3.5 KiB
3.5 KiB
LLM System: Safety, Privacy & Reasoning Traces (Starter Template)
Last Updated: 2025-12-12
Phase: Phase 0 (Planning)
Status: Draft — finalize in Phase 1
Owner: Security + AI/LLM Lead
References:
/docs/backend/security.md/docs/llm/prompting.md
This document defines the safety posture for any LLM‑backed feature: privacy, injection defenses, tool safety, and what you log.
1. Safety Goals
- Prevent leakage of PII/tenant secrets to LLMs, logs, or UI.
- Resist prompt injection and untrusted context manipulation.
- Ensure outputs are safe to act on (validated, bounded, auditable).
2. Data Classification & Handling
Define categories for your domain:
- Public: safe to send and store.
- Internal: safe to send only if necessary; store minimally.
- Sensitive (PII/PHI/PCI/Secrets): never send unless explicitly approved; never store in traces.
3. Redaction Pipeline (before LLM)
Apply a mandatory pre‑processing step in callLLM():
- Detect sensitive fields (allowlist what can be sent, not what can’t).
- Redact or hash PII (names, emails, phone, addresses, IDs, card data).
- Replace with stable placeholders:
{{USER_EMAIL_HASH}}. - Attach a “redaction summary” to logs (no raw PII).
4. Prompt Injection & Untrusted Context
- Delimit untrusted input (
<untrusted_input>...</untrusted_input>). - Never allow untrusted text to override system constraints.
- For RAG: treat retrieved docs as untrusted unless curated.
- If injection detected → refuse or ask for human review.
5. Tool / Agent Safety (if applicable)
- Tool allowlist with scopes and rate limits.
- Confirm destructive actions with humans (“human checkpoint”).
- Constrain tool outputs length and validate before reuse.
6. reasoning_trace Specification
reasoning_trace is optional and should be safe to show to humans.

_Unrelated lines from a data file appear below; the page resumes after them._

Lemma cvgn_pseries_quadratic (c : R ^nat) K :
  0 <= K < 1 -> (forall i, `|c i| <= (i.+1 * i.+2)%:R) -> cvgn (pseries c K).
Proof.
move=> /andP [K0 K1] hc.
pose th := Num.sqrt K; pose s := Num.sqrt th.
have th0 : 0 <= th := sqrtr_ge0 K; have s0 : 0 <= s := sqrtr_ge0 th.
have th1 : th < 1 by rewrite -sqrtr1 ltr_sqrt.
have s1 : s < 1 by rewrite -sqrtr1 ltr_sqrt.
have eK i : K ^+ i = (s ^+ i) ^+ 2 * th ^+ i.
  by rewrite -exprM mulnC exprM sqr_sqrtr // -exprD addnn -mul2n exprM sqr_sqrtr.
pose C := 2 * ((1 - s)^-1) ^+ 2.
apply: normed_cvg; apply: (series_le_cvg (v_ := geometric C th)) => [i|i|i|].
- exact: normr_ge0.
- by rewrite /= mulr_ge0 ?exprn_ge0 // /C mulr_ge0 ?sqr_ge0.
- have hsi : 0 <= i.+1%:R * s ^+ i by rewrite mulr_ge0 ?exprn_ge0.
  rewrite /= normrM normrX (ger0_norm K0) eK mulrA ler_wpM2r ?exprn_ge0 //.
  apply: le_trans (ler_wpM2r _ (hc i)) _; first by rewrite exprn_ge0 ?exprn_ge0.
  have h2 : (i.+1 * i.+2)%:R <= 2 * i.+1%:R ^+ 2 :> R.
    by rewrite -natrX -natrM ler_nat; nia.
  apply: le_trans (ler_wpM2r _ h2) _; first by rewrite exprn_ge0 ?exprn_ge0.
  rewrite -mulrA -exprMn ler_wpM2l // lerXn2r ?nnegrE ?natr_exprn_le_inv ?s0 //.
  by rewrite invr_ge0 subr_ge0 ltW.
- by apply: is_cvg_geometric_series; rewrite ger0_norm.
Qed.

Lemma cvg_series_tails (b : R ^nat) : (forall j, 0 <= b j) ->
  cvgn (series (fun j => j%:R * b j)) ->
  series (fun i => limn (series (fun j => if (i < j)%N then b j else 0)))
    @ \oo --> limn (series (fun j => j%:R * b j)).
Proof.
move=> b0 ca; set a := fun j => j%:R * b j; set tail := fun i => limn _.
have a0 j : 0 <= a j by rewrite mulr_ge0.
have cvg_tail i : series (fun j => if (i < j)%N then b j else 0) @ \oo --> tail i.
  apply: (series_le_cvg (v_ := a)) => // j; first by case: ifP.
  case: ifP => // ij; rewrite -[leLHS]mul1r ler_wpM2r // ler1n.
  exact: leq_ltn_trans ij.
pose m N j := (minn j N)%:R * b j.
have m0 N j : 0 <= m N j by rewrite mulr_ge0.
(* [m N] truncates each column [j] of the triangle [i < j] at height [N]. *)
have cvg_m N : series (m N) @ \oo --> series tail N.
  elim: N => [|N IH].
    rewrite /series /= big_geq //; apply: cvg_near_cst; near=> K.
    by rewrite /series /= big1 // => j _; rewrite /m minn0 mul0r.
  rewrite /series /= big_nat_recr //=.
  apply: cvg_trans (cvgD IH (cvg_tail N)); apply: near_eq_cvg; near=> K.
  rewrite [LHS]/GRing.add /= /series /= -big_split /=; apply: eq_bigr => j _.
  rewrite /m (_ : minn j N.+1 = minn j N + (N < j))%N; last by case: leqP; lia.
  by rewrite natrD mulrDl; case: ltnP => _; rewrite ?mul1r ?mul0r ?addr0.
have cvgn_m N : cvgn (series (m N)) := cvgP _ (cvg_m N).
apply: (squeeze_cvgr (f := series a) (h := fun=> limn (series a))); last exact: cvg_cst.
  near=> N; apply/andP; split.
    rewrite -(cvg_lim _ (cvg_m N)) //.
    have nd : nondecreasing_seq (series (m N)) by exact: nondecreasing_series.
    rewrite (_ : series a N = series (m N) N); first exact: nondecreasing_cvgn_le.
    by apply: eq_big_nat => j /andP [_ jN]; rewrite /m (minn_idPl (ltnW jN)).
  rewrite -(cvg_lim _ (cvg_m N)) //; apply: lim_series_le => // j.
  by rewrite /m ler_wpM2r // ler_nat geq_minl.
exact: ca.
Unshelve. all: by end_near.
Qed.

End RealSeries.

Section ProbabilityGeneratingFunction.
Context {R : realType}.
Implicit Types (q : R ^nat) (x : R).

Lemma prob_nat_le1 q i : is_prob_nat q -> q i <= 1.
Proof.
move=> [q0 cq]; have nd : nondecreasing_seq (series q) by exact: nondecreasing_series.
have := nondecreasing_cvgn_le nd (cvgP _ cq) i.+1; rewrite (cvg_lim _ cq) //.
by apply: le_trans; rewrite /series /= big_nat_recr //= lerDr sumr_ge0.
Qed.

Lemma is_cvg_series_pgf q x : is_prob_nat q -> 0 <= x <= 1 ->
  cvgn (series (fun j => q j * x ^+ j)).
Proof.
move=> [q0 cq] /andP [x0 x1]; apply: (series_le_cvg (v_ := q)) => // [j|j|].
- by rewrite mulr_ge0 ?exprn_ge0.
- by rewrite ler_piMr ?exprn_ile1.
- exact: cvgP cq.
Qed.

Lemma pgf_ge0_le1 q x : is_prob_nat q -> 0 <= x <= 1 -> 0 <= pgf q x <= 1.
Proof.
move=> hq hx; have [q0 cq] := hq; have /andP [x0 x1] := hx.
have cx := is_cvg_series_pgf _ _ hq hx.
apply/andP; split.
  by apply: limr_ge => //; near=> N; apply: sumr_ge0 => j _; rewrite mulr_ge0 ?exprn_ge0.
rewrite -(cvg_lim _ cq) //; apply: lim_series_le => // [|j]; first exact: cvgP cq.
by rewrite ler_piMr ?exprn_ile1.
Unshelve. all: by end_near.
Qed.

Lemma pgf_derive1 q x : is_prob_nat q -> 0 <= x < 1 ->
  series (fun j => j%:R * q j * x ^+ j.-1) @ \oo --> derive1 (pgf q) x.
Proof.
move=> hq /andP [x0 x1]; have [q0 _] := hq.
have q1 i : `|q i| <= 1 by rewrite ger0_norm // prob_nat_le1.
have n1 i : 1 <= (i.+1 * i.+2)%:R :> R by rewrite ler1n muln_gt0.
have b0 i : `|q i| <= (i.+1 * i.+2)%:R := le_trans (q1 i) (n1 i).
have b1 i : `|pseries_diffs q i| <= (i.+1 * i.+2)%:R.
  rewrite /pseries_diffs normrM ger0_norm // natrM ler_pM2l ?ltr0Sn //.
  by apply: le_trans (q1 _) _; rewrite ler1n.
have b2 i : `|pseries_diffs (pseries_diffs q) i| <= (i.+1 * i.+2)%:R.
  rewrite /pseries_diffs normrM ger0_norm // natrM ler_pM2l ?ltr0Sn //.
  by rewrite normrM ger0_norm // -[leRHS]mulr1 ler_pM2l ?ltr0Sn.
pose K := (1 + x) / 2.
have K01 : 0 <= K < 1 by apply/andP; split; rewrite /K; lra.
have xK : `|x| < `|K| by rewrite !ger0_norm /K; lra.
have D := pseries_snd_diffs (cvgn_pseries_quadratic _ _ K01 b0)
  (cvgn_pseries_quadratic _ _ K01 b1) (cvgn_pseries_quadratic _ _ K01 b2) xK.
rewrite derive1E (@derive_val _ _ _ _ _ _ _ D).
by apply: pseries_diffs_equiv; apply: (cvgn_pseries_quadratic _ _ _ b1); rewrite x0.
Qed.

Lemma limn_series_tail_pgf q x i : is_prob_nat q -> 0 <= x <= 1 ->
  limn (series (fun j => if (i < j)%N then q j * x ^+ (j - i - 1) else 0)) * x ^+ i
  = limn (series (fun j => if (i < j)%N then q j * x ^+ j.-1 else 0)).
Proof.
move=> [q0 cq] /andP [x0 x1].
have c : cvgn (series (fun j => if (i < j)%N then q j * x ^+ (j - i - 1) else 0)).
  apply: (series_le_cvg (v_ := q)) => // [j|j|]; last exact: cvgP cq.
    by case: ifP => _ //; rewrite mulr_ge0 ?exprn_ge0.
  by case: ifP => _ //; rewrite ler_piMr ?exprn_ile1.
apply/esym/cvg_lim => //; apply: cvg_trans _ (cvgMr_tmp (b := x ^+ i) c).
apply: near_eq_cvg; near=> N; rewrite /series /= mulr_suml; apply: eq_bigr => j _.
case: ifP => ij; last by rewrite mul0r.
by rewrite -mulrA -exprD; congr (_ * _ ^+ _); lia.
Unshelve. all: by end_near.
Qed.

Lemma fkn_pred (q : nat -> nat -> R) j n s : (j < n)%N ->
  fkn q j n s = pgf (q j.+1) (fkn q j.+1 n s).
Proof. by move=> jn; rewrite /fkn -(subnSK jn). Qed.

Lemma fknn (q : nat -> nat -> R) n s : fkn q n n s = s.
Proof. by rewrite /fkn subnn. Qed.

Lemma fkn_ge0_le1 (q : nat -> nat -> R) j n s :
  (forall k, (j < k)%N -> is_prob_nat (q k)) -> 0 <= s <= 1 -> 0 <= fkn q j n s <= 1.
Proof.
rewrite /fkn; move: (n - j)%N => m; elim: m j => [|m IH] j hq hs //=.
apply: pgf_ge0_le1; first exact: hq.
by apply: IH => // k jk; apply: hq; exact: ltn_trans jk.
Qed.

End ProbabilityGeneratingFunction.

Lemma prod_ratio_telescope {K : fieldType} (a : nat -> K) (b : K) m :
  (0 < m)%N -> (forall k, (k < m.-1)%N -> a k != 0) ->
  \prod_(k < m) (if (k : nat) == 0%N then a 0%N / b else a k / a k.-1) = a m.-1 / b.
Proof.
case: m => // m _; elim: m => [|m IH] /= a_neq0; first by rewrite big_ord1.
rewrite big_ord_recr /= IH => [|k km]; last exact/a_neq0/ltnW.
by rewrite mulrC mulrA divfK // a_neq0.
Qed.

Section RealProbability.
Context {R : realType} {d : measure_display} {T : measurableType d} (P : probability T R).

Lemma Pr_setT : Pr P setT = 1.
Proof. by rewrite /Pr probability_setT. Qed.

Lemma Pr_set0 : Pr P set0 = 0.
Proof. by rewrite /Pr measure0. Qed.

Lemma cvg_series_Pr_bigcup (F : nat -> set T) :
  (forall i, measurable (F i)) -> trivIset setT F ->
  series (fun i => Pr P (F i)) @ \oo --> Pr P (\bigcup_i F i).
Proof.
move=> mF tF; have := @measure_sigma_additive _ _ _ P _ mF tF.
have mU : measurable (\bigcup_i F i) by exact: bigcupT_measurable.
rewrite -[X in _ --> X]fineK ?fin_num_measure // => /fine_cvg.
apply: cvg_trans; apply: near_eq_cvg; near=> N.
by rewrite /series /= -sum_fine // => i _; exact: fin_num_measure.
Unshelve. all: by end_near.
Qed.

End RealProbability.

Section BranchingProcess.
Context {R : realType} {d : measure_display} {T : measurableType d} {P : probability T R}.
Context {q : nat -> nat -> R} {n : nat} {Y : nat -> T -> nat} {xi : nat -> nat -> nat -> T -> nat}.
Hypothesis measurable_X :
  forall b v, bp_good n b -> measurable [set w | bp_family Y xi b w = v].
Hypothesis indep_X : mutually_indep P (bp_good n) (bp_family Y xi).
Local Notation X := (bp_family Y xi).

Definition cylinder (s : seq bp_index) (v : bp_index -> nat) : set T :=
  \bigcap_(b in [set` s]) [set w | X b w = v b].

Lemma cylinder_nil v : cylinder [::] v = setT.
Proof. by apply/seteqP; split => w // _ b. Qed.

Lemma cylinder_cons b s v :
  cylinder (b :: s) v = [set w | X b w = v b] `&` cylinder s v.
Proof.
apply/seteqP; split => [w Hw | w [Hb Hs] c].
  by split => [|c cs]; apply: Hw; rewrite /= inE ?eqxx ?cs ?orbT.
by rewrite /= inE => /orP [/eqP -> | /Hs].
Qed.

Lemma cylinder1 b v : cylinder [:: b] v = [set w | X b w = v b].
Proof. by rewrite cylinder_cons cylinder_nil setIT. Qed.

Lemma measurable_cylinder s v : all (bp_good n) s -> measurable (cylinder s v).
Proof.
elim: s => [|b s IH] /=; first by rewrite cylinder_nil.
move=> /andP [gb gs]; rewrite cylinder_cons.
by apply: measurableI; [exact: measurable_X|exact: IH].
Qed.

Lemma setI_cylinder s s' v v' : [predI s & s'] =1 pred0 ->
  cylinder s v `&` cylinder s' v' =
  cylinder (s ++ s') (fun b => if b \in s then v b else v' b).
Proof.
move=> dis; have nsb b : b \in s' -> b \in s = false.
  by move=> bs'; apply/negbTE/negP => bs; have := dis b; rewrite /= bs bs'.
apply/seteqP; split => w.
  move=> [Hs Hs'] b; rewrite /= mem_cat => /orP [bs|bs'].
    by rewrite bs; exact: Hs.
  by rewrite nsb //; exact: Hs'.
move=> H; split => b hb; have /= := H b; rewrite mem_cat hb ?orbT => /(_ isT) //.
by rewrite nsb.
Qed.

Definition event_indep (D : set T) (S : pred bp_index) :=
  measurable D /\ forall s v, uniq s -> all (bp_good n) s -> all S s ->
    Pr P (D `&` cylinder s v) = Pr P D * Pr P (cylinder s v).

Lemma event_indep_setT S : event_indep setT S.
Proof. by split => // s v _ _ _; rewrite setTI Pr_setT mul1r. Qed.

Lemma event_indep_setI_cylinder D S s v :
  event_indep D S -> uniq s -> all (bp_good n) s -> all S s ->
  event_indep (D `&` cylinder s v) [pred b | S b & b \notin s] /\
  Pr P (D `&` cylinder s v) = Pr P D * Pr P (cylinder s v).
Proof.
move=> [mD hD] us gs Ss; split; last exact: hD.
split; first by apply: measurableI => //; exact: measurable_cylinder.
move=> s' v' us' gs' /allP Ss'.
have nsb b : b \in s' -> b \in s = false by move=> /Ss' /andP [_ /negbTE].
have dis : [predI s & s'] =1 pred0.
  by move=> b /=; apply/negbTE/negP => /andP [bs /nsb]; rewrite bs.
have Ss2 : all S s' by apply/allP => b /Ss' /andP [].
have ucat : uniq (s ++ s').
  by rewrite cat_uniq us us' andbT; apply/hasPn => b /Ss' /andP [].
have gcat : all (bp_good n) (s ++ s') by rewrite all_cat gs gs'.
rewrite -setIA setI_cylinder // hD // ?all_cat ?Ss ?Ss2 //.
rewrite (hD s v) // -mulrA; congr (_ * _).
rewrite /cylinder !indep_X // big_cat /=; congr (_ * _).
  by rewrite big_seq [RHS]big_seq; apply: eq_bigr => b ->.
by rewrite big_seq [RHS]big_seq; apply: eq_bigr => b /nsb ->.
Qed.

(* Conditioning on the value [v] of a single variable [X b]. *)
Lemma cvg_series_Pr_setI_bigcup D S b (E : nat -> set T) (e : nat -> R) :
  bp_good n b -> event_indep D S -> S b -> (forall v, measurable (E v)) ->
  (forall v D', event_indep D' [pred c | S c & c \notin [:: b]] ->
    Pr P (D' `&` E v) = Pr P D' * e v) ->
  series (fun v => Pr P D * (Pr P [set w | X b w = v] * e v)) @ \oo -->
    Pr P (D `&` \bigcup_v ([set w | X b w = v] `&` E v)).
Proof.
move=> gb iD Sb mE hE.
have mpiece v : measurable (D `&` ([set w | X b w = v] `&` E v)).
  by apply: measurableI; [exact: iD.1|apply: measurableI; [exact: measurable_X|exact: mE]].
have tr : trivIset setT (fun v => D `&` ([set w | X b w = v] `&` E v)).
  by move=> v v' _ _ [w [[_ [/= <- _]] [_ [/= <- _]]]].
rewrite setI_bigcupr; apply: cvg_trans _ (cvg_series_Pr_bigcup P _ mpiece tr).
apply: near_eq_cvg; near=> N; apply: eq_bigr => v _.
have [] := @event_indep_setI_cylinder D S [:: b] (fun=> v) iD erefl.
- by rewrite /= gb.
- by rewrite /= Sb.
by rewrite cylinder1 => iDv PrDv; rewrite setIA hE // PrDv mulrA.
Unshelve. all: by end_near.
Qed.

Store only structured, privacy‑safe metadata, never raw prompts or user PII.
Allowed fields (example)
{
"prompt_version": "classify@1.2.0",
"model": "provider:model",
"inputs": { "redacted": true, "source_ids": ["..."] },
"steps": [
{ "type": "rule_hit", "rule_id": "r_123", "confidence": 0.72 },
{ "type": "retrieval", "top_k": 5, "doc_ids": ["d1","d2"] },
{ "type": "llm_call", "confidence": 0.64 }
],
"output": { "label": "X", "confidence": 0.64 },
"trace_id": "..."
}
Explicitly disallowed in traces
- Raw user input, webhook payloads, or document text.
- Emails, phone numbers, addresses, names, gov IDs.
- Payment data, auth tokens, API keys, secrets.
- Full prompts or full LLM responses (store refs or summaries only).
How we guarantee “no PII” in traces
- Schema allowlist: trace is validated against a strict schema with only allowed keys.
- Redaction required:
callLLM()setsinputs.redacted=trueonly after redaction succeeded. - PII linting: server‑side scan of trace JSON for patterns (emails, phones, IDs) before storing.
- UI gating: only safe fields are rendered; raw text never shown from trace.
- Audits: periodic sampling in Phase 3+ to verify zero leakage.
7. Storage & Retention
- Traces stored per tenant; encrypted at rest.
- Retention window aligned with compliance needs.
- Ability to disable traces globally or per tenant.
8. Open Questions to Lock in Phase 1
- Exact redaction rules and allowlist fields.
- Whether to store any raw LLM outputs outside traces (audit vault).
- Who can access traces in UI and API.